Basically, we have three flawed “studies” and my argument here is that publishers and authors alike may be missing the point.

Here’s another post to take a look at: from Courtney Milan – who also has the data analysis expertise.]

So, Digital Book World did this study of authors and income from writing.

Then Beverly Kendall did a study …

Then Hugh Howey sponsored a study.

I would like to observe that Beverly Kendall’s study was closer in type to the DBW study but a girl did it so nobody cares about the results — except the mostly women who understand the point very well, thank you.

The DBW study polled authors. Anywhere from 30-60% of whom were unpublished.

Beverly Kendall’s study polled self-published authors (some of whom still traditionally publish) 100% of whom had at least one book on sale.

The Howey study grabbed 24 hours of Amazon sales ranking data, so it’s not really the same as either of the other two studies.
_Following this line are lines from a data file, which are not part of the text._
Theorem sum_cut_adjacencies :
  \sum_(T in SYTs n) \sum_(1 <= k < N) (exits_cut T k && adjacent_values T k : nat) =
  #|SYTs n|.
Proof.
have per_tableau : \sum_(T in SYTs n) \sum_(1 <= k < N) (exits_cut T k : nat) =
    \sum_(T in SYTs n) \sum_(1 <= k < N) (enters_cut T k : nat) + #|SYTs n|.
  rewrite -sum1_card -big_split; apply: eq_bigr => T /SYTsP.
  exact: sum_exits_cut_tableau.
have per_value : \sum_(1 <= k < N) \sum_(T in SYTs n) (exits_cut T k : nat) =
    \sum_(1 <= k < N) \sum_(T in SYTs n) (enters_cut T k : nat) +
    \sum_(1 <= k < N) \sum_(T in SYTs n) (exits_cut T k && adjacent_values T k : nat).
  by rewrite -big_split; apply: eq_big_nat => k; exact: sum_exits_cut.
rewrite exchange_big.
apply/(@addnI (\sum_(1 <= k < N) \sum_(T in SYTs n) (enters_cut T k : nat))).
by rewrite -per_value exchange_big per_tableau exchange_big.
Qed.

End Cut.

Section RowReading.
Variable n : nat.
Local Notation N := (ncells n).
Implicit Types (i j : nat).

Definition shape_cells := [set p : 'I_n * 'I_n | in_shape n p.1 p.2].

Lemma sum_shape_column j : j < n -> \sum_(0 <= i < n) (in_shape n i j : nat) = j.
Proof.
move=> jn; rewrite (big_cat_nat _ (n := j.+1)) //= [X in _ + X]big1_seq ?addn0; last first.
  move=> i /andP[_]; rewrite mem_index_iota => /andP[ji _].
  by have -> : in_shape n i j = false by apply/negbTE; rewrite /in_shape; lia.
rewrite big_nat_recl //= (eq_big_nat _ _ (F2 := fun=> 1)) ?sum_nat_const_nat ?muln1 ?subn0 //.
by move=> i /andP[_ ij]; have -> : in_shape n i.+1 j by rewrite /in_shape; lia.
Qed.

Lemma card_shape_cells : #|shape_cells| = N.
Proof.
transitivity (\sum_(b : 'I_n) \sum_(a : 'I_n) (in_shape n a b : nat)).
  rewrite exchange_big pair_big -sum1_card big_mkcond /=.
  by apply: eq_bigr => -[a b] _; rewrite inE; case: in_shape.
rewrite /ncells -bin2_sum big_mkord; apply: eq_bigr => b _.
by rewrite -(big_mkord xpredT (fun a => (in_shape n a b : nat))) sum_shape_column.
Qed.

Definition lex_le (p q : nat * nat) := (p.1 < q.1) || (p.1 == q.1) && (p.2 <= q.2).

Definition rank i j :=
  #|[set p in shape_cells | lex_le (nat_of_ord p.1, nat_of_ord p.2) (i, j)]|.

Lemma rank_le i j : rank i j <= N.
Proof.
by rewrite -card_shape_cells; apply/subset_leq_card/subsetP => p; rewrite inE => /andP[].
Qed.

Lemma rank_gt0 i j : in_shape n i j -> 0 < rank i j.
Proof.
move=> hs; have [a [b [? ?]]] := in_shape_ord hs; subst i j.
by apply/card_gt0P; exists (a, b); rewrite !inE hs /lex_le eqxx leqnn orbT.
Qed.
Lemma proj_over_translate_interior {X : topologicalType} (x0 : X)
    {C : set (X * G)} {L : set G} :
  compact [set: X] -> hausdorff_space X -> @second_countable G -> closed C ->
  (forall x, exists g, C (x, g)) -> compact L -> nbhs one L ->
  exists h, (proj_over C (mul h @` L))° !=set0.
Proof.
move=> cptX hX [B /pcard_surjP[e eB] [_ Bbase]] clC surjC cptL L1.
(* [h n] is a point of the [n]-th basic open set, so the [h n] are dense. *)
have /choice[h hP] : forall n, exists g : G, e n !=set0 -> e n g.
  move=> n; case: (pselect (e n !=set0)) => [[g eng]|e0]; first by exists g.
  by exists one.
suff [n] : exists n, (proj_over C (mul (h n) @` L))° !=set0 by exists (h n).
apply: (compact_baire x0) => //.
- move=> n; apply: closed_proj_over => //; apply: continuous_compact => //.
  exact/continuous_subspaceT/continuous_mull.
- move=> x; have [g Cxg] := surjC x.
  have : nbhs g ((fun z => mul (inv z) g) @^-1` L°).
    apply: (continuous_mulf (a := inv) (b := fun=> g)) => //.
      exact: cst_continuous.
    by rewrite /= mulVg; exact: nbhs_interior.
  case/Bbase=> S [BS Sg] SL; have [n _ enS] := eB S BS.
  have Lhg : L (mul (inv (h n)) g).
    apply: interior_subset; apply: SL; rewrite -enS.
    by apply: hP; rewrite enS; exists g.
  by exists n; exists g => //; exists (mul (inv (h n)) g); rewrite ?mulKVg.
Qed.

Section SkewProduct.
Context {X : topologicalType} {T Ti : X -> X} {f : X -> G}.
Hypothesis homT : homeomorphism_with T Ti.
Hypothesis cf : continuous f.

Let cT : continuous T. Proof. by case: homT. Qed.
Let cTi : continuous Ti. Proof. by case: homT. Qed.
Let TK : cancel T Ti. Proof. by case: homT. Qed.
Let TiK : cancel Ti T. Proof. by case: homT. Qed.

Local Notation Tf := (Defs.skew mul T f).
Local Notation Tfi := (skew_inv mul inv Ti f).

Lemma skewK : cancel Tf Tfi.
Proof. by move=> [x g]; rewrite /Defs.skew /skew_inv /= TK mulKg. Qed.

Lemma skew_invK : cancel Tfi Tf.
Proof. by move=> [x g]; rewrite /Defs.skew /skew_inv /= TiK mulKVg. Qed.

Lemma continuous_skew : continuous Tf.
Proof.
apply: continuous_pair; first exact: continuousT_comp continuous_fst cT.
exact: continuous_mulf (continuousT_comp continuous_fst cf) continuous_snd.
Qed.

Lemma continuous_skew_inv : continuous Tfi.
Proof.
apply: continuous_pair; first exact: continuousT_comp continuous_fst cTi.
apply: continuous_mulf continuous_snd.
apply: continuousT_comp cont_inv.
exact: continuousT_comp (continuousT_comp continuous_fst cTi) cf.
Qed.

Definition cocycle (k : int) (x : X) : G := (iterz Tf Tfi k (x, one)).2.

Lemma iterz_skew k x g :
  iterz Tf Tfi k (x, g) = (iterz T Ti k x, mul (cocycle k x) g).
Proof.
have Tf_rmul (q : X * G) : ((Tf q).1, mul (Tf q).2 g) = Tf (q.1, mul q.2 g).
  by rewrite /Defs.skew /= -mulA.
have Tfi_rmul (q : X * G) : ((Tfi q).1, mul (Tfi q).2 g) = Tfi (q.1, mul q.2 g).
  by rewrite /skew_inv /= -mulA.
have := iterz_semiconj (phi := fun q => (q.1, mul q.2 g)) (F := Tf) (Fi := Tfi)
  Tf_rmul Tfi_rmul k (x, one).
rewrite /= mul1g => <-.
by rewrite (iterz_semiconj (phi := fst) (F' := T) (Fi' := Ti)).
Qed.

Lemma continuous_cocycle k : continuous (cocycle k).
Proof.
apply: (continuousT_comp (f := fun x => iterz Tf Tfi k (x, one)))
  continuous_snd.
apply: (continuousT_comp (f := fun x => (x, one))).
  by apply: continuous_pair; [move=> x; exact: cvg_id | exact: cst_continuous].
exact: continuous_iterz continuous_skew continuous_skew_inv.
Qed.

Context {p : X * G}.
Local Notation C := (closure (orbitz Tf Tfi p)).
(* Every countable directed subset of an $\omega$-cpo has a supremum.
   Context: We work constructively, in higher-order intuitionistic logic with Dependent Choice (in particular Countable Choice). A chain in a poset $(P,\le)$ is a sequence $c:\mathbb{N}\to P$ with $c_i\le c_{i+1}$ for all $i$. An $\omega$-cpo is a poset in which every chain has a supremum. A subset $S\subseteq P$ is directed if it is inhabited and any two elements of $S$ have an upper bound in $S$. A set $S$ is countable if there is a surjection $\mathbb{N}\to1+S$. *)

Definition is_poset {T : Type} (le : T -> T -> Prop) : Prop :=
  (forall x, le x x) /\
  (forall x y z, le x y -> le y z -> le x z) /\
  (forall x y, le x y -> le y x -> x = y).

Definition is_sup {T : Type} (le : T -> T -> Prop) (S : T -> Prop) (s : T) : Prop :=
  (forall x, S x -> le x s) /\
  (forall u, (forall x, S x -> le x u) -> le s u).

Definition is_chain {T : Type} (le : T -> T -> Prop) (c : nat -> T) : Prop :=
  forall i, le (c i) (c (S i)).

Definition omega_cpo {T : Type} (le : T -> T -> Prop) : Prop :=
  is_poset le /\
  forall c : nat -> T, is_chain le c -> exists s, is_sup le (fun x => exists i, c i = x) s.

Definition directed {T : Type} (le : T -> T -> Prop) (S : T -> Prop) : Prop :=
  (exists x, S x) /\
  (forall x y, S x -> S y -> exists z, S z /\ le x z /\ le y z).

(* countable: there is a surjection nat -> 1 + S  (1 + S rendered as option) *)
Definition countable {T : Type} (S : T -> Prop) : Prop :=
  exists f : nat -> option {x : T | S x},
    forall y : option {x : T | S x}, exists n, f n = y.

(* Enumerate D by a sequence e (possible since D is inhabited and countable).
   Directedness and dependent choice give a chain c inside D with e n <= c n;
   this chain is cofinal in D, so its supremum in the omega-cpo is also the
   supremum of D. *)

From Stdlib Require Import ClassicalEpsilon.

Lemma dependent_choice_nat {A : Type} (P : nat -> A -> Prop) (R : A -> A -> Prop)
    (x0 : A) :
  P 0 x0 ->
  (forall n x, P n x -> exists y, P (S n) y /\ R x y) ->
  exists f : nat -> A, (forall n, P n (f n)) /\ (forall n, R (f n) (f (S n))).
Proof.
  intros H0 Hstep.
  pose (next n (x : {x | P n x}) :=
          constructive_indefinite_description _ (Hstep n _ (proj2_sig x))).
  pose (f := fix f n : {x | P n x} :=
          match n with
          | O => exist _ x0 H0
          | S m => exist _ _ (proj1 (proj2_sig (next m (f m))))
          end).
  exists (fun n => proj1_sig (f n)).
  split.
  - intro n. exact (proj2_sig (f n)).
  - intro n. exact (proj2 (proj2_sig (next n (f n)))).
Qed.

Lemma countable_enum {T : Type} (D : T -> Prop) :
  countable D -> (exists x, D x) ->
  exists e : nat -> T, (forall n, D (e n)) /\ (forall x, D x -> exists n, e n = x).
Proof.
  intros [f Hf] [d0 Hd0].
  exists (fun n => match f n with Some x => proj1_sig x | None => d0 end).
  split.
  - intro n. destruct (f n) as [[x Hx] |]; assumption.
  - intros x Hx. destruct (Hf (Some (exist D x Hx))) as [n Hn].
    exists n. rewrite Hn. reflexivity.
Qed.

Lemma directed_dominating_chain {T : Type} (le : T -> T -> Prop) (D : T -> Prop)
    (e : nat -> T) :
  directed le D -> (forall n, D (e n)) ->
  exists c : nat -> T,
    is_chain le c /\ (forall n, D (c n)) /\ (forall n, le (e n) (c n)).
Proof.
  intros [_ Hub] HeD.
  assert (Hstep : forall n x, D x /\ le (e n) x ->
                  exists y, (D y /\ le (e (S n)) y) /\ le x y).
  { intros n x [Hx _].
    destruct (Hub x (e (S n)) Hx (HeD (S n))) as [y [Hy [Hxy Hey]]].
    exists y. auto. }
  (* start above e 0 rather than at e 0, which would need reflexivity *)
  destruct (Hub (e 0) (e 0) (HeD 0) (HeD 0)) as [c0 [Hc0 [He0 _]]].
  destruct (dependent_choice_nat (fun n x => D x /\ le (e n) x) le c0
              (conj Hc0 He0) Hstep) as [c [Hc Hchain]].
  exists c. split; [exact Hchain | split; intro n; apply Hc].
Qed.

Lemma is_sup_cofinal {T : Type} (le : T -> T -> Prop) (C D : T -> Prop) (s : T) :
  (forall x y z, le x y -> le y z -> le x z) ->
  (forall x, C x -> D x) -> (forall x, D x -> exists y, C y /\ le x y) ->
  is_sup le C s -> is_sup le D s.
Proof.
  intros Htrans HCD Hcof [Hsup Hleast]. split.
  - intros x Hx. destruct (Hcof x Hx) as [y [Hy Hxy]].
    exact (Htrans _ _ _ Hxy (Hsup y Hy)).
  - intros u Hu. apply Hleast. intros x Hx. exact (Hu x (HCD x Hx)).
Qed.

Theorem lemma3p9 (T : Type) (le : T -> T -> Prop) (Hcpo : omega_cpo le)
  (D : T -> Prop) (Hcount : countable D) (Hdir : directed le D) :
  exists s : T, is_sup le D s.
Proof.
  destruct Hcpo as [[_ [Htrans _]] Hchain_sup].
  destruct (countable_enum D Hcount (proj1 Hdir)) as [e [HeD Hesurj]].
  destruct (directed_dominating_chain le D e Hdir HeD) as [c [Hc [HcD Hec]]].
  destruct (Hchain_sup c Hc) as [s Hs].
  exists s.
  apply (is_sup_cofinal le (fun x => exists i, c i = x) D s Htrans); [| | exact Hs].
  - intros x [n <-]. apply HcD.
  - intros x Hx. destruct (Hesurj x Hx) as [n <-].
    exists (c n). split; [exists n; reflexivity | apply Hec].
Qed.
(* Let $m\geq 1$, $n\geq 3$, and let $k,r\in\{1,\ldots,m\}$ with $k\neq r$. There exists a walk of length $n-1$ in $D^m_n$ from a vertex $i\in V^k\setminus\{1\}$ to a vertex $j\in V^r\setminus\{1\}$ if and only if there exists $\ell\in\{3,\ldots,n\}$ such that $i=(k-1)(n-1)+\ell$ and $j=(r-1)(n-1)+(\ell-1)$. Moreover, in such cases this walk is unique.
   Context: For integers $m\geq 1$, $n\geq 3$, the oriented Dutch windmill graph $D^m_n$ is the directed graph with vertex set $V=\{1,2,\ldots,m(n-1)+1\}$ whose directed edges $(a,b)$ are exactly: $(1,(k-1)(n-1)+2)$ for $k\in\{1,\ldots,m\}$; $((k-1)(n-1)+i,(k-1)(n-1)+i+1)$ for $k\in\{1,\ldots,m\}$ and $i\in\{2,\ldots,n-1\}$; and $((k-1)(n-1)+n,1)$ for $k\in\{1,\ldots,m\}$. For $k\in\{1,\ldots,m\}$, $V^k=\{1\}\cup\{(k-1)(n-1)+\ell:\ \ell=2,\ldots,n\}$. A walk is a sequence of vertices $\langle v_1,\ldots,v_r\rangle$ in which each $(v_t,v_{t+1})$ is an edge; its length is $r-1$. *)

From mathcomp Require Import all_boot.
Set Implicit Arguments. Unset Strict Implicit. Unset Printing Implicit Defensive.

Definition dw_edge (m n : nat) (a b : nat) : bool :=
  has (fun k =>
         [|| (a == 1) && (b == (k - 1) * (n - 1) + 2),
             has (fun i => (a == (k - 1) * (n - 1) + i) && (b == (k - 1) * (n - 1) + i + 1))
                 (iota 2 (n - 2))
           | (a == (k - 1) * (n - 1) + n) && (b == 1)])
      (iota 1 m).

Definition dw_vertex (m n x : nat) : bool := (1 <= x) && (x <= m * (n - 1) + 1).

Definition dw_Vk (n k x : nat) : bool :=
  (x == 1) || ((k - 1) * (n - 1) + 2 <= x <= (k - 1) * (n - 1) + n).

Definition dw_walk (m n : nat) (w : seq nat) (i j len : nat) : Prop :=
  [/\ size w = len.+1, head 0 w = i, last 0 w = j,
      all (dw_vertex m n) w & path (dw_edge m n) (head 0 w) (behead w)].

From mathcomp Require Import all_boot.
From mathcomp Require Import zify.

Set Implicit Arguments.
Unset Strict Implicit.
Unset Printing Implicit Defensive.

(* Every vertex other than the hub 1 has a single out-neighbour, so a walk
   from a non-hub vertex is forced until it reaches the hub, where it chooses
   the blade to enter.  From the l-th vertex of blade k, a walk of length n-1
   reaches the tip of blade k after n-l steps and the hub one step later; its
   remaining l-2 steps run through some blade r, ending at the (l-1)-th vertex
   of r (and l >= 3, as the walk must not end at the hub).  The endpoint thus
   determines r, l and the whole walk. *)

Lemma eq_mulnD_bounded N a b x y : 0 < x <= N -> 0 < y <= N ->
  a * N + x = b * N + y -> a = b /\ x = y.
Proof.
move=> hx hy; case: (ltngtP a b) => [ab|ba|->] E; last by split => //; lia.
- have : a.+1 * N <= b * N by rewrite leq_mul2r ab orbT.
  rewrite mulSn; lia.
- have : b.+1 * N <= a * N by rewrite leq_mul2r ba orbT.
  rewrite mulSn; lia.
Qed.

(* Vertex l (2 <= l <= n) of blade k; as [k - 1] is truncated, blade 0 and
   blade 1 coincide, hence the conclusion of [blade_inj]. *)
Definition blade (n k l : nat) : nat := (k - 1) * (n - 1) + l.

Lemma blade_inj n k k' l l' : 2 <= l <= n -> 2 <= l' <= n ->
  blade n k l = blade n k' l' -> k - 1 = k' - 1 /\ l = l'.
Proof.
rewrite /blade => hl hl' E.
have [] := @eq_mulnD_bounded (n - 1) (k - 1) (k' - 1) (l - 1) (l' - 1); lia.
Qed.

Lemma dw_Vk_blade n k x : dw_Vk n k x -> x != 1 -> exists2 l, 2 <= l <= n & x = blade n k l.
Proof.
rewrite /dw_Vk /blade => /orP[/eqP-> //| hx] _.
exists (x - (k - 1) * (n - 1)); lia.
Qed.

Section Windmill.
Variables m n : nat.
Hypothesis n_ge3 : 3 <= n.

Lemma dw_vertex_blade k l : 1 <= k <= m -> 1 <= l <= n -> dw_vertex m n (blade n k l).
Proof.
move=> hk hl; rewrite /dw_vertex /blade.
have : (k - 1).+1 * (n - 1) <= m * (n - 1) by rewrite leq_mul2r; apply/orP; right; lia.
rewrite mulSn; nia.
Qed.

Lemma dw_vertex_hub : dw_vertex m n 1.
Proof. by rewrite /dw_vertex leq_addl. Qed.

Lemma dw_edge_inner k l c : 1 <= k <= m -> 2 <= l < n ->
  dw_edge m n (blade n k l) c = (c == blade n k l.+1).
Proof.
move=> hk hl; apply/idP/eqP.
- case/hasP=> k' _ /or3P[/andP[/eqP e _] | /hasP[i hi /andP[/eqP e /eqP->]] | /andP[/eqP e _]].
  + move: e; rewrite /blade; nia.
  + rewrite mem_iota in hi.
    have [<- <-] := @blade_inj n k k' l i ltac:(lia) ltac:(lia) e.
    by rewrite /blade addn1 addnS.
  + have [] := @blade_inj n k k' l n ltac:(lia) ltac:(lia) e; lia.
- move=> ->; apply/hasP; exists k; first by rewrite mem_iota; lia.
  apply/or3P/Or32/hasP; exists l; first by rewrite mem_iota; lia.
  by rewrite /blade addn1 addnS !eqxx.
Qed.

Lemma dw_edge_tip k c : 1 <= k <= m -> dw_edge m n (blade n k n) c = (c == 1).
Proof.
move=> hk; apply/idP/eqP.
- case/hasP=> k' _ /or3P[/andP[/eqP e _] | /hasP[i hi /andP[/eqP e _]] | /andP[_ /eqP //]].
  + move: e; rewrite /blade; nia.
  + rewrite mem_iota in hi.
    have [] := @blade_inj n k k' n i ltac:(lia) ltac:(lia) e; lia.
- move=> ->; apply/hasP; exists k; first by rewrite mem_iota; lia.
  by apply/or3P/Or33; rewrite !eqxx.
Qed.

Lemma dw_edge_hub c : dw_edge m n 1 c = has (fun r => c == blade n r 2) (iota 1 m).
Proof.
apply/hasP/hasP => -[r hr].
- case/or3P=> [/andP[_ hc] | /hasP[i hi /andP[/eqP e _]] | /andP[/eqP e _]].
  + by exists r.
  + rewrite mem_iota in hi; nia.
  + nia.
- by move=> hc; exists r => //; apply/or3P/Or31; rewrite eqxx.
Qed.

Definition blade_run k l t : seq nat := [seq blade n k x | x <- iota l t].

Lemma size_blade_run k l t : size (blade_run k l t) = t.
Proof. by rewrite size_map size_iota. Qed.

Lemma blade_run_cons k l t : blade_run k l t.+1 = blade n k l :: blade_run k l.+1 t.
Proof. by []. Qed.

Lemma last_blade_run k l t x : last x (blade_run k l t.+1) = blade n k (l + t).
Proof.
elim: t l x => [|t IHt] l x; first by rewrite addn0.
by rewrite blade_run_cons last_cons IHt addSnnS.
Qed.

Lemma last_blade_run_from k l t : last (blade n k l) (blade_run k l.+1 t) = blade n k (l + t).
Proof. exact: (last_blade_run k l t 0). Qed.

Lemma all_dw_vertex_blade_run k l t : 1 <= k <= m -> 1 <= l -> l + t <= n.+1 ->
  all (dw_vertex m n) (blade_run k l t).
Proof.
move=> hk hl hlt; apply/allP => y /mapP[x]; rewrite mem_iota => hx ->.
apply: dw_vertex_blade => //; lia.
Qed.

Lemma path_blade_runE k l t p : 1 <= k <= m -> 2 <= l -> l + t <= n -> size p = t ->
  path (dw_edge m n) (blade n k l) p = (p == blade_run k l.+1 t).
Proof.
move=> hk; elim: t l p => [|t IHt] l [|c p] //= hl hlt [size_p].
rewrite dw_edge_inner ?eqseq_cons; try lia.
by case: eqP => [->|//]; rewrite IHt //; lia.
Qed.

Lemma path_hubE t q : t.+2 <= n -> size q = t.+1 ->
  path (dw_edge m n) 1 q <-> exists2 r, 1 <= r <= m & q = blade_run r 2 t.+1.
Proof.
case: q => [|c q] // htn [size_q]; split => /=.
- case/andP; rewrite dw_edge_hub => /hasP[r]; rewrite mem_iota => hr /eqP ->.
  have {}hr : 1 <= r <= m by lia.
  by rewrite (@path_blade_runE r 2 t q) ?add2n // => /eqP->; exists r.
- case=> r hr [-> ->]; apply/andP; split.
  + by rewrite dw_edge_hub; apply/hasP; exists r; rewrite ?mem_iota; lia.
  + by rewrite (@path_blade_runE r 2 t) ?size_blade_run ?add2n //.
Qed.

Definition windmill_walk k r l : seq nat :=
  blade_run k l (n - l).+1 ++ 1 :: blade_run r 2 (l - 2).

Lemma windmill_walk_dw_walk k r l : 1 <= k <= m -> 1 <= r <= m -> 3 <= l <= n ->
  dw_walk m n (windmill_walk k r l) (blade n k l) (blade n r (l - 1)) (n - 1).
Proof.
move=> hk hr hl; have run_r : l - 2 = (l - 3).+1 by lia.
have [l_gt1 l_le_n] : 1 < l /\ l <= n by lia.
split.
- by rewrite size_cat /= !size_blade_run; lia.
- by [].
- by rewrite last_cat /= run_r last_blade_run; congr blade; lia.
- by rewrite all_cat [all _ (1 :: _)]/= dw_vertex_hub !all_dw_vertex_blade_run //; lia.
- rewrite /windmill_walk blade_run_cons /= cat_path last_blade_run_from subnKC //.
  rewrite (@path_blade_runE k l (n - l)) ?size_blade_run ?subnKC //= eqxx.
  rewrite dw_edge_tip //= run_r (@path_hubE (l - 3)) ?size_blade_run //; last lia.
  by exists r.
Qed.

Lemma dw_walk_blade_inv k r l l' w : 1 <= k <= m -> 1 <= r -> 2 <= l <= n -> 2 <= l' <= n ->
  dw_walk m n w (blade n k l) (blade n r l') (n - 1) ->
  [/\ 3 <= l, l' = l - 1 & w = windmill_walk k r l].
Proof.
move=> hk hr hl hl'; have [l_gt1 l_le_n] : 1 < l /\ l <= n by lia.
case; case: w => [|x p] //= [size_p] -> last_p _ path_p.
have [p1 [q [def_p size_p1]]] : exists p1 q, p = p1 ++ q /\ size p1 = n - l.
  by exists (take (n - l) p), (drop (n - l) p); rewrite cat_take_drop size_takel // size_p; lia.
subst p; rewrite size_cat size_p1 in size_p.
move: path_p; rewrite cat_path (@path_blade_runE k l (n - l)) ?subnKC // => /andP[/eqP def_p1].
subst p1; move: last_p; rewrite last_cat last_blade_run_from subnKC //.
case: q size_p => [|c q] /= size_q; first lia.
rewrite dw_edge_tip // => last_q /andP[/eqP def_c path_q]; subst c.
have l_gt2 : 2 < l.
  rewrite ltnNge; apply/negP => l_le2; have q0 : q = [::] by apply: size0nil; lia.
  by move: last_q; rewrite q0 /blade /=; nia.
move: path_q; rewrite (@path_hubE (l - 3)) => [[r' hr' def_q]||]; try lia.
move: last_q; rewrite def_q last_blade_run => /blade_inj[]; try lia.
move=> er el; have {er} <- : r' = r by lia.
split; [by [] | lia |].
by rewrite /windmill_walk (_ : l - 2 = (l - 3).+1) ?def_q //; lia.
Qed.

End Windmill.

Theorem lemma2p2 (m n k r i j : nat) :
  1 <= m -> 3 <= n -> 1 <= k <= m -> 1 <= r <= m -> k != r ->
  dw_Vk n k i -> i != 1 -> dw_Vk n r j -> j != 1 ->
  ((exists w, dw_walk m n w i j (n - 1)) <->
   (exists l, [/\ 3 <= l <= n, i = (k - 1) * (n - 1) + l & j = (r - 1) * (n - 1) + (l - 1)]))
  /\ (forall w1 w2, dw_walk m n w1 i j (n - 1) -> dw_walk m n w2 i j (n - 1) -> w1 = w2).
Proof.
move=> _ n_ge3 hk hr _ Vi i1 Vj j1.
have [l hl ->] := dw_Vk_blade Vi i1.
have [l' hl' ->] := dw_Vk_blade Vj j1.
have r_gt0 : 1 <= r by case/andP: hr.
have walk_inv w := @dw_walk_blade_inv m n n_ge3 k r l l' w hk r_gt0 hl hl'.
split; first split.
- by case=> w /walk_inv[l_ge3 -> _]; exists l; split => //; lia.
- case=> l0 [hl0 -> ->]; exists (windmill_walk n k r l0).
  exact: windmill_walk_dw_walk.
- by move=> w1 w2 /walk_inv[_ _ ->] /walk_inv[_ _ ->].
Qed.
With the Howey data, there are several weaknesses: 24 hours of data is not a basis for extrapolating future performance. You’d have to gather the data over a period of time before you could say much about trends, for example. From what I could see, the data analysis did not account for the fact that a price could, theoretically, change during the 24 hours polled. (A book could go on sale at 10 AM PST such that from 00:00 to 10:00 PST the book sold at price x and from 10:01 PST to 23:59 PST the book sold at price y.)

What’s clear from the Howey data is that Indie books are a significant presence in the top 7000 books.


And now the DBW and Howey camps are all arguing and missing the point, which I will make for everyone in just a bit. For once, a DBW data analysis post was reasoned — because it was written by the data guy. His points about the flaws in his own data and the flaws in the Howey data are well taken. NOTE: I am NOT a statistician.


DBW insists: authors as a whole just don’t make very much money. (DON’T LOOK AT BELLA ANDRE!!!)

This is true.

DBW suggests that the authors who are making money are the elite. The authors of the Howey 7000 (titles) are the elite, trad pubbed or self-pubbed. (Nice. Let’s just define authors who make money out of the analysis. Because that leaves you with the ones who are aren’t.)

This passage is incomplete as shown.